La Chine s’est intéressée au sud de la mer de Chine une décennie avant l’est de la mer de Chine. Pékin a en effet revendiqué des îles du Sud en 1958 puis celles de l’Est en 1970. L’origine des récentes revendications concernant les Îles Senkaku découle de la découverte d’énergies fossiles en 1968 par une étude hydrographique des Nations Unies. Comme le montre un rapport secret de 1971, la CIA a découvert que les priorités du gouvernement chinois et ses cartes militaires suite à cette découverte n’incluaient pas les Îles Senkaku. Cependant, juste après la découverte, de nouvelles éditions des cartes issues de la Chinese National Petroleum Corporation les incluaient.

Peu importe l’origine des revendications pour les Senkaku 43 ans auparavant, M. Xi sait qu’il peut obtenir bien plus d’énergies fossiles pour subvenir aux besoins monstrueux de son économie par les gisements du sud de la mer de Chine que par ceux de l’Est qui semblent maigres lorsque l’on compare. Sa stratégie est de créer la plus grosse agitation possible par la stratégie de la corde raide concernant les Îles Senkaku, pour rendre le Japon peureux et nerveux à la table des négociations, avec les États-Unis en arrière-plan qui tenteront nerveusement de chercher la paix. C’est alors qu’il présentera son grand compromis. En échange du retrait des revendications concernant les Îles Senkaku, M. Xi voudrait que le Japon accepte celles concernant le sud de la mer de Chine. Politiquement, les Japonais repartiront avec une grande victoire qui dans l’absolu est peu coûteuse pour la Chine. Mais bien sûr, ce que le Japon cède dans ce grand marchandage est bien plus précieux pour la Chine qu’une poignée de cailloux près d’Okinawa.

Avec le Japon lâchant prise au Sud et les États-Unis prenant de la distance, la Chine sera en position idéale pour traiter les revendications concernant les petits États.

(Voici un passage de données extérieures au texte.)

Lemma parsing_le T p f m : parsing T p f m -> p <= f.
Proof. by elim=> // p' e f' m' hpe _ _ hef; apply: ltnW (leq_trans hpe hef). Qed.

Lemma parsing_cat T p e f m1 m2 :
  parsing T p e m1 -> parsing T e f m2 -> parsing T p f (m1 + m2).
Proof.
elim=> // p' e' f' m hpe he _ IH hf; rewrite addSn; exact: parsingS hpe he (IH hf).
Qed.

Lemma parsing_phrase T p e : p < e -> phrase T p e -> parsing T p e 1.
Proof. by move=> hpe he; apply: parsingS hpe he (parsing0 _ _). Qed.

Lemma parsing_chars T p t : parsing T p (p + t) t.
Proof.
elim: t p => [|t IH] p; first by rewrite addn0; apply: parsing0.
by rewrite addnS -addSn; apply: parsingS (IH p.+1); [|left].
Qed.

Lemma phrase_suffix T p p' e : phrase T p e -> p <= p' < e -> phrase T p' e.
Proof.
move=> [->|[q hq hm]] /andP[h1 h2]; first by left; lia.
right; exists (q + (p' - p)); first lia.
by rewrite -[X in matches _ _ X](subnKC h1); apply: matches_shift hm _; lia.
Qed.

Lemma phrase_end_le_lzss T p e : p < size T -> e <= size T -> phrase T p e ->
  e <= p + lzss_flen T p.
Proof.
move=> hp he [-> | hc]; first by have := lzss_flen_gt0 hp; lia.
by have := lzss_flen_max hp (_ : p + (e - p) <= size T) hc; lia.
Qed.

(* Phrases are closed under taking suffixes, so the greedy factor starting inside a phrase
   reaches at least the end of that phrase. *)
Lemma lzss_count_le_parsing T fuel p p' m : parsing T p (size T) m -> p <= p' ->
  lzss_count fuel T p' <= m.
Proof.
move=> hs0; have [f hs eT] : exists2 f, parsing T p f m & f = size T by exists (size T).
elim: hs fuel p' eT {hs0} => [p0 | p0 e f' m0 hpe hph hs IH] [|fuel] p' //= eT hp.
  by rewrite ifN // -leqNgt -eT.
case: ifP => // hp'; case: (ltnP p' e) => he.
  have hef := parsing_le hs; rewrite eT in hef.
  have := phrase_end_le_lzss hp' hef (phrase_suffix hph (_ : p0 <= p' < e)).
  by move=> /(_ _) h; have := IH fuel _ eT (h _); lia.
by have := IH fuel.+1 p' eT he; rewrite /= hp' => /leqW.
Qed.

Lemma zSSsr_le_parsing T m : parsing T 0 (size T) m -> zSSsr T <= m.
Proof. by move=> hs; apply: lzss_count_le_parsing hs _. Qed.
Fixpoint lzss_starts (fuel : nat) (T : string) (p : nat) : seq nat :=
  match fuel with
  | 0 => [::]
  | fuel'.+1 => if p < size T then p :: lzss_starts fuel' T (p + lzss_flen T p) else [::]
  end.

Lemma lzss_countE fuel T p : lzss_count fuel T p = size (lzss_starts fuel T p).
Proof. by elim: fuel p => //= fuel IH p; case: ifP => //= _; rewrite IH. Qed.

Lemma lzss_starts_cover T fuel p x : p <= x < size T -> size T <= p + fuel ->
  exists2 y, y \in lzss_starts fuel T p & y <= x < y + lzss_flen T y.
Proof.
elim: fuel p => [|fuel IH] p /andP[hpx hx] hfuel; first lia.
have hp : p < size T by lia.
rewrite /= hp; case: (ltnP x (p + lzss_flen T p)) => hxp.
  by exists p; rewrite ?inE ?eqxx ?hpx.
have hg := lzss_flen_gt0 hp.
have [||y hy hxy] := IH (p + lzss_flen T p); [by rewrite hxp hx | lia |].
by exists y; rewrite // inE hy orbT.
Qed.

Lemma lzss_start_in_window T x l : 0 < l -> x + l < size T ->
  (forall q, q < x -> ~ matches T q x l.+1) ->
  exists2 y, y \in lzss_starts (size T) T 0 & x < y <= x + l.
Proof.
move=> hl hs fresh.
have [||y hy /andP[hyx hxy]] := @lzss_starts_cover T (size T) 0 (x + l); [exact: hs | by [] |].
case: (ltnP x y) => [hxy' | hyx']; first by exists y; rewrite ?hxy' ?hyx.
have hy' : y < size T by lia.
have [|q hq hm] := lzss_flen_copy hy'; first lia.
exfalso; apply: (fresh (q + (x - y))); first lia.
by rewrite -[X in matches _ _ X](subnKC hyx'); apply: matches_shift hm _; lia.
Qed.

Dans l’impossibilité de résister au pouvoir politique, économique et militaire de leur voisin bien plus important, les revendications du Vietnam, de la Malaisie et des Philippines finiront par s’effondrer par l’alternance entrer corruption, intimidation et bienveillance de la part de la Chine. Longtemps les grands marchandages entre l’Europe et le Japon ont découpé le territoire chinois et asservi son peuple, l’Empire du Milieu cherche a présent à mettre en place son propre grand marchandage. M. Xi comprend bien que son pays a le potentiel d’en mettre un en place et fait le pari que sa feinte des Îles Senkaku lui permettra d’obtenir le soutien des autres grands pouvoirs pour le faire.

La présidence Obama, dont le second mandat tend à se dégonfler, distraite par la Syrie et l’Afghanistan, a été incapable de remplir les objectifs de sa stratégie de « pivot » en Asie dans le cadre de sa politique extérieure. Si la Chine obtient la main libre qu’elle recherche dans le Sud de la mer de Chine en échange d’une paix à court terme et de la stabilité des relations économiques, alors M. Xi aura réussi puissamment à placer son pays au nouveau centre gravitationnel des relations internationales. La Chine ne sera dorénavant plus un pouvoir grandissant. Elle sera un grand pouvoir.

 

Commentaire

 

            Michael Kelly expose sa vision du conflit sino-japonais concernant les Îles Senkaku. Pour lui, la Chine revendique l’archipel afin de pouvoir négocier in fine l’espace maritime du Sud de la Mer de Chine, qui lui sera bien plus utile pour asseoir son pouvoir en Asie. Ce conflit dont l’intensité ne fait que s’accroître ne serait donc en fait rien de plus qu’une manipulation stratégique.